§ **Saved entries**:
───

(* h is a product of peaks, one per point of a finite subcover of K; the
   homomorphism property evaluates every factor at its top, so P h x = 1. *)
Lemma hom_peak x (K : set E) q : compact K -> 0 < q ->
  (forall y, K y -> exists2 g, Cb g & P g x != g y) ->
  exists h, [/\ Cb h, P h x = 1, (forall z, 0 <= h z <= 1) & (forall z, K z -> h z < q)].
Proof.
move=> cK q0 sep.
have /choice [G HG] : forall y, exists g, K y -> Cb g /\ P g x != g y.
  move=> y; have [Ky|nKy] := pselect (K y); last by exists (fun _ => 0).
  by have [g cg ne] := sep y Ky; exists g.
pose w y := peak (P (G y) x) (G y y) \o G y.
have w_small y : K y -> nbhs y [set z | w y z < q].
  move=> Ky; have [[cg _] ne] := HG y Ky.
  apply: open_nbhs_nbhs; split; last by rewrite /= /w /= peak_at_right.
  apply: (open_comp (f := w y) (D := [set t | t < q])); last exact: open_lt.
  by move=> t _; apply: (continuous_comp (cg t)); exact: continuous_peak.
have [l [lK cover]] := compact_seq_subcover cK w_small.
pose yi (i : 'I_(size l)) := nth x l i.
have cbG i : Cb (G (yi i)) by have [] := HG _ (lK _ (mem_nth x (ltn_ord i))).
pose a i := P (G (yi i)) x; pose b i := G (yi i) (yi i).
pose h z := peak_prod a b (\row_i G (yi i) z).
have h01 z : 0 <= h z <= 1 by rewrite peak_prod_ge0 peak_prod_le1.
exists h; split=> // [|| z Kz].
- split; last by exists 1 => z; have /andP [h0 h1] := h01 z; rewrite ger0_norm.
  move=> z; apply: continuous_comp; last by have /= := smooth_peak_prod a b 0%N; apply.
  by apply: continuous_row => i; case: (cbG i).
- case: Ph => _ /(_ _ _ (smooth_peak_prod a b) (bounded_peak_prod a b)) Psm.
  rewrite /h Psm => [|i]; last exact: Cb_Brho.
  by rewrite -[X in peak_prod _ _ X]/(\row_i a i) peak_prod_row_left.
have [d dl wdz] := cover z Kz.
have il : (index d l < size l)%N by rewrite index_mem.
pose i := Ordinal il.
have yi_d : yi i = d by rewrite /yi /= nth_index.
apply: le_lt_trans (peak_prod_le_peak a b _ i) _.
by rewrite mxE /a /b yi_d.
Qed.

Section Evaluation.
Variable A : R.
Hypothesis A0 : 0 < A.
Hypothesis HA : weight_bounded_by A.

───

§ **Exercise objective**:
Taking the entries above, restate exactly those lines that fall between the line with "exists h, [/\" and the line with "- split; last", keeping both of those lines too.

§ **Response**:
  exists h, [/\ Cb h, P h x = 1, (forall z, 0 <= h z <= 1) & (forall z, K z -> h z < q)].
Proof.
move=> cK q0 sep.
have /choice [G HG] : forall y, exists g, K y -> Cb g /\ P g x != g y.
  move=> y; have [Ky|nKy] := pselect (K y); last by exists (fun _ => 0).
  by have [g cg ne] := sep y Ky; exists g.
pose w y := peak (P (G y) x) (G y y) \o G y.
have w_small y : K y -> nbhs y [set z | w y z < q].
  move=> Ky; have [[cg _] ne] := HG y Ky.
  apply: open_nbhs_nbhs; split; last by rewrite /= /w /= peak_at_right.
  apply: (open_comp (f := w y) (D := [set t | t < q])); last exact: open_lt.
  by move=> t _; apply: (continuous_comp (cg t)); exact: continuous_peak.
have [l [lK cover]] := compact_seq_subcover cK w_small.
pose yi (i : 'I_(size l)) := nth x l i.
have cbG i : Cb (G (yi i)) by have [] := HG _ (lK _ (mem_nth x (ltn_ord i))).
pose a i := P (G (yi i)) x; pose b i := G (yi i) (yi i).
pose h z := peak_prod a b (\row_i G (yi i) z).
have h01 z : 0 <= h z <= 1 by rewrite peak_prod_ge0 peak_prod_le1.
exists h; split=> // [|| z Kz].
- split; last by exists 1 => z; have /andP [h0 h1] := h01 z; rewrite ger0_norm.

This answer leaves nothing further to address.